§ **WORK INSTRUCTIONS**
Only lines containing the string "closedFieldType" belong in the answer; find them in the records and copy them.

§ **MATERIAL TO PROCESS**

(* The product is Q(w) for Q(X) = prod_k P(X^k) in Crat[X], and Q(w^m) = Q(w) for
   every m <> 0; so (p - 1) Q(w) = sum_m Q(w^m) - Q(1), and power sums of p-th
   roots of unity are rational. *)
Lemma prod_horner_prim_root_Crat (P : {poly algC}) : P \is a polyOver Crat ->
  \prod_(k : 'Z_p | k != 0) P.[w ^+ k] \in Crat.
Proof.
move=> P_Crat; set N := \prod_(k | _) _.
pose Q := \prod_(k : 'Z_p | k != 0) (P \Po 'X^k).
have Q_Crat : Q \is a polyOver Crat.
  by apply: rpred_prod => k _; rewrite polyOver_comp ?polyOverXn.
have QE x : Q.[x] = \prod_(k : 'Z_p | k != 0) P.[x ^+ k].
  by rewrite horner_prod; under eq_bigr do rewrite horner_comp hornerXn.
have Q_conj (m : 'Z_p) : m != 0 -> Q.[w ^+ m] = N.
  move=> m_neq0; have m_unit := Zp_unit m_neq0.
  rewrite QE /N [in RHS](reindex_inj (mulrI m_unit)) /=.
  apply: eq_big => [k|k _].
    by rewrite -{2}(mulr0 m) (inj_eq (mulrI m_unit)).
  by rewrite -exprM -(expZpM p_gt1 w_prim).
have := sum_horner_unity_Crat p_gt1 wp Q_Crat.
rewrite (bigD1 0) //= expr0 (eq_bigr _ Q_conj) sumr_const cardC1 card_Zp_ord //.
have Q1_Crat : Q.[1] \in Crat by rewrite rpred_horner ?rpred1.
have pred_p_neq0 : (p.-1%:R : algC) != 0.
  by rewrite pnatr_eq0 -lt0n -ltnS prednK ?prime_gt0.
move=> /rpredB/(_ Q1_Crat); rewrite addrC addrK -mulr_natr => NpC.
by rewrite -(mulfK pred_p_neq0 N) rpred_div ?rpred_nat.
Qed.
--
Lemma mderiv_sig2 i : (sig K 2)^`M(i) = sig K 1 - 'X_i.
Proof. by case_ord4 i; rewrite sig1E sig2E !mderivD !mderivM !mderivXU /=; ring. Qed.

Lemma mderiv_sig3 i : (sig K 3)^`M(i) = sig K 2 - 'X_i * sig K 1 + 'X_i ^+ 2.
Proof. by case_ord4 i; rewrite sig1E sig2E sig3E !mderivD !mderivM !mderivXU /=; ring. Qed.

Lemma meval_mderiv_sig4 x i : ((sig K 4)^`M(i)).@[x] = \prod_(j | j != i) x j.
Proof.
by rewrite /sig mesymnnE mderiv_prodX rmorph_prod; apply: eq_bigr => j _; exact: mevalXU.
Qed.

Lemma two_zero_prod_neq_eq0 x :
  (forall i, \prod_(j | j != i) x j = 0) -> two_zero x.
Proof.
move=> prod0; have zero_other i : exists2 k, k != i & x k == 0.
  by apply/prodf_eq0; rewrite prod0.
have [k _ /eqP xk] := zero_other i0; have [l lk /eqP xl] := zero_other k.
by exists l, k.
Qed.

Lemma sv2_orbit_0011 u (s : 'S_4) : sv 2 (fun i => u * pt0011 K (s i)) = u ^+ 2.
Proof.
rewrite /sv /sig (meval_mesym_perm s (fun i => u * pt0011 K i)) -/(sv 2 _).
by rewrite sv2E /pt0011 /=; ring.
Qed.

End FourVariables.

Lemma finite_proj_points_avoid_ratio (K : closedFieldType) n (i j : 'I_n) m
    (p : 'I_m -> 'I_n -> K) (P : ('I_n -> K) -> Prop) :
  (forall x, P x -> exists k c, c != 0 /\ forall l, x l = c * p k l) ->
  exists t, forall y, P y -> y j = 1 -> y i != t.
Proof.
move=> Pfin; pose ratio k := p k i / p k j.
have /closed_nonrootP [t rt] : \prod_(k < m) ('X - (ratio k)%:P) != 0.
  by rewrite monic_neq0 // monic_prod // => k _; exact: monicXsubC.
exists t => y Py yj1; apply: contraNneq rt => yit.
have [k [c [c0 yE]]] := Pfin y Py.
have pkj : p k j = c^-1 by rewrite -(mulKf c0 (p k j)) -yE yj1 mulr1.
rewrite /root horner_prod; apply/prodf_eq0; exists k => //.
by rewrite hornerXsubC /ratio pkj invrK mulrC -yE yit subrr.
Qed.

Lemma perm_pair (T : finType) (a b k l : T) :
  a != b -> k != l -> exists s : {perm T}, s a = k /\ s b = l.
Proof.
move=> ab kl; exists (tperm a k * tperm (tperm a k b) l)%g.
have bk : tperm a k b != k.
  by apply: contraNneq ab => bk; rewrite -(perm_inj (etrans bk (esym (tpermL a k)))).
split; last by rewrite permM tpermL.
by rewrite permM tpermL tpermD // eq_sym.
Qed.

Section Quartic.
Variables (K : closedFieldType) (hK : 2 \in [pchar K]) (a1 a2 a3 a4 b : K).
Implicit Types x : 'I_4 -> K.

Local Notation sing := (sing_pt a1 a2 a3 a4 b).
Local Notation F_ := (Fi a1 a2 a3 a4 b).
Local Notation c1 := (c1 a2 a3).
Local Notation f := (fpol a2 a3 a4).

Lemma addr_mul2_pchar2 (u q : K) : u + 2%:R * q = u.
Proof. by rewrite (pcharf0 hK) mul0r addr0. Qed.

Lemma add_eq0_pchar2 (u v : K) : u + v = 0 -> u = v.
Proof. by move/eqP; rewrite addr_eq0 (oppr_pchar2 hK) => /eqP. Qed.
---
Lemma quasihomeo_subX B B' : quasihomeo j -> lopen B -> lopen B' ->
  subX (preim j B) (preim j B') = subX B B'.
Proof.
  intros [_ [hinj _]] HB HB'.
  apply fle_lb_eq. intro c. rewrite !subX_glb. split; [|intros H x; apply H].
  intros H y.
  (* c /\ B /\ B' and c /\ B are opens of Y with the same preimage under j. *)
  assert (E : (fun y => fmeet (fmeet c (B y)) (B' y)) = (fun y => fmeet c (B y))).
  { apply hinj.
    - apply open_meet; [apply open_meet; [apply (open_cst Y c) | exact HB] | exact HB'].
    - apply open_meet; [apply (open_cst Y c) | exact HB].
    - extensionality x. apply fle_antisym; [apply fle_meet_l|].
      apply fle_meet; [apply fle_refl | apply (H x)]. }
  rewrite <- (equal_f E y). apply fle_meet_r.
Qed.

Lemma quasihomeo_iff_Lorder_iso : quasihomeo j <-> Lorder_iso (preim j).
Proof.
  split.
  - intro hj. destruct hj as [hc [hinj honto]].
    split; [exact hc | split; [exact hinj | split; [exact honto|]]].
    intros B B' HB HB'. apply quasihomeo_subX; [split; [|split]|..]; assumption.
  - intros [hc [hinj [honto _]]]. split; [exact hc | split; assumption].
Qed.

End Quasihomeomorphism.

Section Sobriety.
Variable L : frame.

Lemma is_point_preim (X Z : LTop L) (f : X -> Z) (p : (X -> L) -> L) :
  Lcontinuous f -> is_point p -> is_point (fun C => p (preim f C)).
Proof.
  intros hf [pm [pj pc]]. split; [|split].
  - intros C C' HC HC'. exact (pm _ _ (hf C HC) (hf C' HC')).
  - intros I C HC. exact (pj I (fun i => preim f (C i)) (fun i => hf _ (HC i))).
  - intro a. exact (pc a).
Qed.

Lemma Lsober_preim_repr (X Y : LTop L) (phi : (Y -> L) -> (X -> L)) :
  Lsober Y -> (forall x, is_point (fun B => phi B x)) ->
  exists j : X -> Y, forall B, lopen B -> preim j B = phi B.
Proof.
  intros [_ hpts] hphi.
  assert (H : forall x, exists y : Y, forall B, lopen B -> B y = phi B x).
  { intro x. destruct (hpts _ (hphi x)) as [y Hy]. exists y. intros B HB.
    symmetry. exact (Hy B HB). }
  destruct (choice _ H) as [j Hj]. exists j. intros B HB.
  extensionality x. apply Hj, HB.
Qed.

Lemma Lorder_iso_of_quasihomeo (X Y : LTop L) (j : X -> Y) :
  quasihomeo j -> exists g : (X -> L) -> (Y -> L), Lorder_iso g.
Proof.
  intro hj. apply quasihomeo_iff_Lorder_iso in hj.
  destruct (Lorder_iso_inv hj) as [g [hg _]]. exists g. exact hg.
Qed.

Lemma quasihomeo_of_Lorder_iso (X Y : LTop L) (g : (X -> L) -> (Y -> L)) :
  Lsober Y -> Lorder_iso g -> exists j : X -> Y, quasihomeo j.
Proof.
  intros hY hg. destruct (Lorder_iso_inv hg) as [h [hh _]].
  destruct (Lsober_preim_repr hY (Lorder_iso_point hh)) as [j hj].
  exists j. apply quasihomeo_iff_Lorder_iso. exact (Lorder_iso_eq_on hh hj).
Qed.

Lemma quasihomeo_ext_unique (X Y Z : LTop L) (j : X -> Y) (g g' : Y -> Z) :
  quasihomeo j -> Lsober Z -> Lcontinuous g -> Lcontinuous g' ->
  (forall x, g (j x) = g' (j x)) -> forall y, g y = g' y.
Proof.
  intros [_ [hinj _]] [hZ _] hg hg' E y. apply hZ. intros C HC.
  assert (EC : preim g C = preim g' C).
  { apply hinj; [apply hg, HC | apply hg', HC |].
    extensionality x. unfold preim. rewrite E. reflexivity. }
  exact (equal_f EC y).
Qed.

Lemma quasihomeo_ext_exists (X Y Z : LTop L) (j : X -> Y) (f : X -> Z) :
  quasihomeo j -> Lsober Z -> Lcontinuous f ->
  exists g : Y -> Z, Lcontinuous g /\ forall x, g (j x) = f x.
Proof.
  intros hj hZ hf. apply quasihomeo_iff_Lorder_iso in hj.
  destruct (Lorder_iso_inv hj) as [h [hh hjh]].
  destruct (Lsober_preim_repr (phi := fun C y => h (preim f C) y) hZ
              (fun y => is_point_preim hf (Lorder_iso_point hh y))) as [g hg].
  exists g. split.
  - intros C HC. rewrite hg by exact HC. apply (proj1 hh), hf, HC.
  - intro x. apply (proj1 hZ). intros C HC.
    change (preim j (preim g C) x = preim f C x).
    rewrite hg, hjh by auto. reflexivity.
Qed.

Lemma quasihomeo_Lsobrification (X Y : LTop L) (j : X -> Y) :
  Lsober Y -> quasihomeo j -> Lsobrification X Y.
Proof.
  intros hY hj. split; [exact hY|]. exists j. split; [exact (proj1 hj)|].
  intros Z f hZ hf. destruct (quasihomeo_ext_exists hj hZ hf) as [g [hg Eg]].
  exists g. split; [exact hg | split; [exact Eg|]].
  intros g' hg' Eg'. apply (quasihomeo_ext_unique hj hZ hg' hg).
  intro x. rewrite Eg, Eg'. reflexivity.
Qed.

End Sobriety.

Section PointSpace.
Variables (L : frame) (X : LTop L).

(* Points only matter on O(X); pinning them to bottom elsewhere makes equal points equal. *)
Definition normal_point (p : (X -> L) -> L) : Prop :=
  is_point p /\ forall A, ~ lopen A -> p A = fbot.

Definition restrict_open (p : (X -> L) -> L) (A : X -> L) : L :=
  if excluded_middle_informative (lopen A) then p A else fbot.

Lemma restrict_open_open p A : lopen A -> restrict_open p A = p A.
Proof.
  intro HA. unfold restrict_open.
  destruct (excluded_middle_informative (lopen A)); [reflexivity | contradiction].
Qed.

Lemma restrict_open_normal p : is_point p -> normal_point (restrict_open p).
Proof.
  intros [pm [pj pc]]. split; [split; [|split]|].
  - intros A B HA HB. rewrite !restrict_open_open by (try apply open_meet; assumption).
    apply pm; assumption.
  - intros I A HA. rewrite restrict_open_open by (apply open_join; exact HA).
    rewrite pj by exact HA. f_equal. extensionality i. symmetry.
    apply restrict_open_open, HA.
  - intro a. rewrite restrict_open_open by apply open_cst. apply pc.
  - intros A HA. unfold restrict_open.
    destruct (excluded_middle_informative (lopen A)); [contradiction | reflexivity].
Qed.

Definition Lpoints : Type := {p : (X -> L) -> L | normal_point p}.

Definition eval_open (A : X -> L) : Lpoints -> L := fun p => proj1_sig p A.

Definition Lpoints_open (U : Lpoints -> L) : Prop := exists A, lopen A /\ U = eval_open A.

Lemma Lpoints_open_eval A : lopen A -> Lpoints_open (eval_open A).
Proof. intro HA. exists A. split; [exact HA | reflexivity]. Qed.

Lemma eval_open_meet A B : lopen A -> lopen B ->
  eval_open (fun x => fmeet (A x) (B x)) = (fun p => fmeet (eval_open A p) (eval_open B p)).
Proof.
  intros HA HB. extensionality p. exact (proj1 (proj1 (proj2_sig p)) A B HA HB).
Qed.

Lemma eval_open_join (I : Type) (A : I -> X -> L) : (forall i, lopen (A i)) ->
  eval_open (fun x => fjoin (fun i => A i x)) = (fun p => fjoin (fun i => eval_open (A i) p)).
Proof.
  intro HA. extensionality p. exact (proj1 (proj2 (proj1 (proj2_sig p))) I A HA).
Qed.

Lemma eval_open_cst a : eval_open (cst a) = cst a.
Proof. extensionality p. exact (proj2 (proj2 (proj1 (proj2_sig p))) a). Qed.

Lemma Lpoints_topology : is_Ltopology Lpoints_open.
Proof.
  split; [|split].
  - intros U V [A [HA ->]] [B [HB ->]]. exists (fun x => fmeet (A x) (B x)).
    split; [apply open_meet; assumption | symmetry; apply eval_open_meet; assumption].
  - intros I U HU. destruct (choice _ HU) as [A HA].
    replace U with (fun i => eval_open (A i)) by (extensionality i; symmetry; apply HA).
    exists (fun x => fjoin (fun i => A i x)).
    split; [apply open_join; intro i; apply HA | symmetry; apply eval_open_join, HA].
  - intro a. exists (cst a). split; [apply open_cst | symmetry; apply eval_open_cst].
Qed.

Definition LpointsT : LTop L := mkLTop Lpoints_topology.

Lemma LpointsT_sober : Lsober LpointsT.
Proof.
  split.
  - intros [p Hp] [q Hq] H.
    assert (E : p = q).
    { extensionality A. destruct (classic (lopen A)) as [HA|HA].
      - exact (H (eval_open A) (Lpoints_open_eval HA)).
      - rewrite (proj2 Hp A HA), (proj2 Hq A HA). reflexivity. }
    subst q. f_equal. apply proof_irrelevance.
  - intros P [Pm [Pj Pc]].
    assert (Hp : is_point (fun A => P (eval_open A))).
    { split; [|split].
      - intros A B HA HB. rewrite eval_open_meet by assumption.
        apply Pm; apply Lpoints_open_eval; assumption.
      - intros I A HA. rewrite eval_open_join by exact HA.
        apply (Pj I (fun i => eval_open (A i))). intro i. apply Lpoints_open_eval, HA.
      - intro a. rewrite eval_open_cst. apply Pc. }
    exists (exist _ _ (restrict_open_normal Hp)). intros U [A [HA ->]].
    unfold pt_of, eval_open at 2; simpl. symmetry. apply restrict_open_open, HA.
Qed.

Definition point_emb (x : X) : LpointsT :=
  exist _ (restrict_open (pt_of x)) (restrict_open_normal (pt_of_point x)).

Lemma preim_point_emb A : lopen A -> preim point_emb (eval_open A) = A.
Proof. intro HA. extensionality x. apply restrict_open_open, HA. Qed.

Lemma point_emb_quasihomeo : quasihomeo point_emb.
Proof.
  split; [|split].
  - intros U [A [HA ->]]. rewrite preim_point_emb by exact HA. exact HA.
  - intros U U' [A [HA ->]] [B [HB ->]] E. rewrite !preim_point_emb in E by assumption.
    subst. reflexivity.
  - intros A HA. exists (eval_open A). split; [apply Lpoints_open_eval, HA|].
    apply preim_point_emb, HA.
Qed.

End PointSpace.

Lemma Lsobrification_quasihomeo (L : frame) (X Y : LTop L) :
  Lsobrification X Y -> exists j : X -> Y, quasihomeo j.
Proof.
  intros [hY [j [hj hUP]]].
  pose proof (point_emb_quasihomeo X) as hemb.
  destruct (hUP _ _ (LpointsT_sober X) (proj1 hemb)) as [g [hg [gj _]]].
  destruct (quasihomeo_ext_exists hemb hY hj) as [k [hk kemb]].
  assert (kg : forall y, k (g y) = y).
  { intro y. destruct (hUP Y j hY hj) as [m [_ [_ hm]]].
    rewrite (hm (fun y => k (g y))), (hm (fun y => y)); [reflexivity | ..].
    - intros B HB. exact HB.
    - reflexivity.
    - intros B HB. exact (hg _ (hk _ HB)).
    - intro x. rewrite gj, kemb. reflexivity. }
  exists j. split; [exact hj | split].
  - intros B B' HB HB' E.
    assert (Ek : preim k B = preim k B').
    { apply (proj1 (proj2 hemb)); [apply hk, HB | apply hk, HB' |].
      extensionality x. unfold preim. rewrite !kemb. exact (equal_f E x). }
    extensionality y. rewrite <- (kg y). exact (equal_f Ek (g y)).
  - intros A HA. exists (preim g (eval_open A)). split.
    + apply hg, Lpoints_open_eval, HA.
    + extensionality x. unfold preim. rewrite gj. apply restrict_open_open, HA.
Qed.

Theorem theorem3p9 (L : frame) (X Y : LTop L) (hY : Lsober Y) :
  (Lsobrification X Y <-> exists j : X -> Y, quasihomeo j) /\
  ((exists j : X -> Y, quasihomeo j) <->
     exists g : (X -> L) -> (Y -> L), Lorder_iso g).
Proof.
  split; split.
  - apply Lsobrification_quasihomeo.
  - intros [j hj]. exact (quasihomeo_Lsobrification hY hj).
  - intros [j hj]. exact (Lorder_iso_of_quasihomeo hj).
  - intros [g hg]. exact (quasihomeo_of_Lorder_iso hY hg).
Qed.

§ **SOLUTION TO THIS EXERCISE**
Lemma finite_proj_points_avoid_ratio (K : closedFieldType) n (i j : 'I_n) m
Variables (K : closedFieldType) (hK : 2 \in [pchar K]) (a1 a2 a3 a4 b : K).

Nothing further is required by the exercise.